**TASK INSTRUCTIONS**:
Copy out the data line by line exactly, from its start to the line bearing "have [P [PD", inclusive.
[EXERCISE DATA — start]
Theorem lemma3p2 (A : finType) (Rs : seq (seq (A * bool)))
  (phi : A -> seq (A * bool)) (R : realType) (C : set (X Rs phi R)) :
  compactX C ->
  finite_set [set e : G Rs phi * A |
                inA e.1 /\ @Himg A Rs phi R e.1 e.2 `&` C !=set0].
Proof.
move=> compactC; apply: contrapT => infE.
pose D := [set y | C y /\ exists e : G Rs phi * A, inA e.1 /\ Himg e.1 e.2 y].
have infL : ~ finite_set [set base y | y in D].
  move=> finL; apply: infE.
  apply: sub_finite_set (bigcup_finite finL (fun g _ => finite_strips_over R g)).
  move=> e [eA [y [Hy Cy]]]; exists (base y); first by exists y => //; split => //; exists e.
  by split => //; exists y.
have [P [PD Pinj infP]] := infinite_image_inj_subset infL.
apply/infP/(cover_compact_discrete_finite compactC) => [y /PD[]//|Q QP].
apply: openXC_base_inj => a b /set_mem Qa /set_mem Qb.
by apply: Pinj; apply/mem_set; exact: QP.
Qed.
[EXERCISE DATA — finish]
**COMPLETED EXERCISE**:
Theorem lemma3p2 (A : finType) (Rs : seq (seq (A * bool)))
  (phi : A -> seq (A * bool)) (R : realType) (C : set (X Rs phi R)) :
  compactX C ->
  finite_set [set e : G Rs phi * A |
                inA e.1 /\ @Himg A Rs phi R e.1 e.2 `&` C !=set0].
Proof.
move=> compactC; apply: contrapT => infE.
pose D := [set y | C y /\ exists e : G Rs phi * A, inA e.1 /\ Himg e.1 e.2 y].
have infL : ~ finite_set [set base y | y in D].
  move=> finL; apply: infE.
  apply: sub_finite_set (bigcup_finite finL (fun g _ => finite_strips_over R g)).
  move=> e [eA [y [Hy Cy]]]; exists (base y); first by exists y => //; split => //; exists e.
  by split => //; exists y.
have [P [PD Pinj infP]] := infinite_image_inj_subset infL.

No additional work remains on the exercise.